SABRINA BOCKLER: IMPENDING RAPTURE

15 January - 28 February 2026
Overview

Sabrina Bockler returns to BEERS London for Impending Rapture, her second solo exhibition at the gallery. The exhibition explores ideas of duality and cyclical change — abundance and scarcity, light and dark, loss and renewal. Impending Rapture refers to the moment of division and continuation, when one form becomes two, when growth depends on disruption, fracture, or surrender.

 

Comprised of ten paintings, Bockler riffs off Dutch still life and allegorical paintings of the Renaissance, grounding the series in the myth of Persephone as an anchor to explore ideas of descent and return, echoing the rhythms of the seasons and the emotional cycles we move through as human beings.
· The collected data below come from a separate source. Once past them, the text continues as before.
Lemma enorm_Bvec_le1 : enorm (Bvec R r) <= 1.
Proof.
suff : enorm (Bvec R r) ^+ 2 <= 1 by have := enorm_ge0 (Bvec R r); nra.
rewrite enorm_sqr (eq_bigr (fun i : 'I_r => if i == r.-1 :> nat then 1 else 0)).
  by apply: sum_if_le => // a b /eqP ha /eqP hb; apply: val_inj; rewrite /= ha hb.
by move=> i _; rewrite mxE; case: ifP; rewrite ?expr1n ?expr0n.
Qed.

(* Testing [A_gam Gam = - B] against [Gam] gives [(g0 - 1) |Gam|^2 <= |Gam| |B|]. *)
Lemma enorm_Gam_le (g0 : R) : 1 < g0 -> (forall i, g0 <= gam i) ->
  enorm (Gam gam) <= (g0 - 1)^-1.
Proof.
move=> g0_gt1 gam_ge.
have gam_gt0 i : 0 < gam i by apply: lt_le_trans (gam_ge i); lra.
have quad := Agam_quad_le (Gam gam) gam_ge.
rewrite Agam_Gam // -scaleN1r edotZr in quad.
have CS := edot_le_enormM (Gam gam) (Bvec R r).
have B_le1 := enorm_Bvec_le1; have G_ge0 := enorm_ge0 (Gam gam).
have B_ge0 := enorm_ge0 (Bvec R r).
rewrite -(ler_pM2l (_ : 0 < g0 - 1)) ?subr_gt0 // mulrV ?unitf_gt0 ?subr_gt0 //.
nra.
Qed.

End CascadeMatrix.

Lemma is_derive_expR_scale (R : realType) (c t : R) :
  is_derive t 1 (fun s : R => expR (c * s)) (expR (c * t) * c).
Proof.
have lin : is_derive t 1 (fun s : R => c * s) c.
  by have := is_deriveZ c (is_derive_id t 1); rewrite [c%:A]mulr1.
exact: (@is_derive1_comp R expR (fun s => c * s) t (expR (c * t)) c).
Qed.

(* Gronwall: [expR (eps s) * W s] has a nonpositive derivative on [(0, +oo)]. *)
Lemma expR_scale_le_of_derive1_le (R : realType) (W : R -> R) (eps : R) :
  (forall t, 0 < t -> derivable W t 1 /\ derive1 W t <= - eps * W t) ->
  W t @[t --> 0^'+] --> W 0 ->
  forall t, 0 <= t -> expR (eps * t) * W t <= W 0.
Proof.
move=> W_decay W_cvg0 t t_ge0.
pose U s := expR (eps * s) * W s.
have U_derive (s : R) : 0 < s -> is_derive s 1 U
    (expR (eps * s) * derive1 W s + W s * (expR (eps * s) * eps)).
  move=> s_gt0; have [W_der _] := W_decay s s_gt0.
  apply: (is_deriveM (is_derive_expR_scale eps s)).
  by rewrite derive1E; exact: derivableP.
suff : U t <= U 0 by rewrite /U mulr0 expR0 mul1r.
apply: (@ler0_derive1_nincry R U 0) => //.
- by move=> s; rewrite in_itv /= andbT => /U_derive [].
- move=> s; rewrite in_itv /= andbT => s_gt0.
  rewrite derive1E (derive_val (is_derive := U_derive s s_gt0)).
  have [_ W'_le] := W_decay s s_gt0; have := expR_gt0 (eps * s); nra.
- apply/continuous_within_itvcyP; split.
    move=> s; rewrite in_itv /= andbT => /U_derive [U_der _].
    exact/differentiable_continuous/derivable1_diffP.
  apply: cvgM => //; apply: cvg_within_filter.
  apply: continuous_comp; last exact: continuous_expR.
  by apply: cvgMr; exact: cvg_id.
Qed.

Lemma is_derive_comp_diff (R : realType) (m : nat) (V : 'cV[R]_m -> R)
    (x : R -> 'cV[R]_m) (t : R) :
  differentiable V (x t) -> derivable x t 1 ->
  is_derive t 1 (V \o x) ('d V (x t) ('D_1 x t)).
Proof.
move=> V_diff /derivable1_diffP x_diff.
have Vx_diff : differentiable (V \o x) t by exact: differentiable_comp.
apply: DeriveDef; first exact/derivable1_diffP.
by rewrite deriveE // diff_comp // [in RHS]deriveE.
Qed.

Lemma is_derive_enorm_sqr (R : realType) (m : nat) (x : R -> 'cV[R]_m) (t : R) :
  derivable x t 1 ->
  is_derive t 1 (fun s => enorm (x s) ^+ 2) (2 * edot (x t) ('D_1 x t)).
Proof.
move=> x_der.
have coord_der i : is_derive t 1 (fun s => x s i 0) ('D_1 x t i 0).
  rewrite derive_mx // mxE; apply: derivableP.
  by move/derivable_mxP : x_der => /(_ i 0).
have := is_derive_sum (fun i => is_deriveM (coord_der i) (coord_der i)).
have -> : \sum_(i < m) ((fun s => x s i 0) * (fun s => x s i 0)) =
          (fun s => enorm (x s) ^+ 2).
  by apply/funext => s; rewrite fct_sumE enorm_sqr; apply: eq_bigr => i _; rewrite /= expr2.
move=> sum_der; apply: is_derive_eq sum_der _.
by rewrite /edot mulr_sumr; apply: eq_bigr => i _; rewrite -mulr2n mulr_natl.
Qed.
For Bockler, this is a negotiation between beauty and unease, hope and loss, beauty and decay.

Most artists begin with a question or a series of questions. For Bockler, what began as a meditation on transformation soon evolved into interest in how inherited myths shape our understanding of contemporary issues, in this particular case, that of women’s roles. “I find the Persephone story particularly interesting,” she writes, “in that it exhibits obedience, abduction, and defiance into one poetic, wholly unsettling arc.” The act of painting can be many things: comprehension, discovery, deconstruction, restaging, and Bockler is keen to explore a dismantling of a singular so-called meta-narrative: “Painting this story became a retelling,” she explains, “it became about giving Persephone agency while questioning and dismantling the story.”

 

Those familiar with Bockler’s work will see recurring motifs: abundant pomegranates, shifting snakes, and decadent floral forms. Horses appear as sentinels, psychopomps* moving between uncertain terrain, imbued with a sense of control and mischief. Humour, too. In that wry, sardonic way that echoes John Currin, poking fun at tradition while simultaneously paying homage. What remains interesting in Bockler’s growing lexicon and vision is how beauty and rupture, cycles of pain and joy, and even (lifting the term from an ongoing religious fervour at the time of painting) the sense of “impending rapture” that is horrific, terrific, awesome, and uncanny. Decadent and divine, all things characteristically “Bockler.”

*A figure from mythology, religion, or folklore who guides souls from the world of the living to the world of the dead.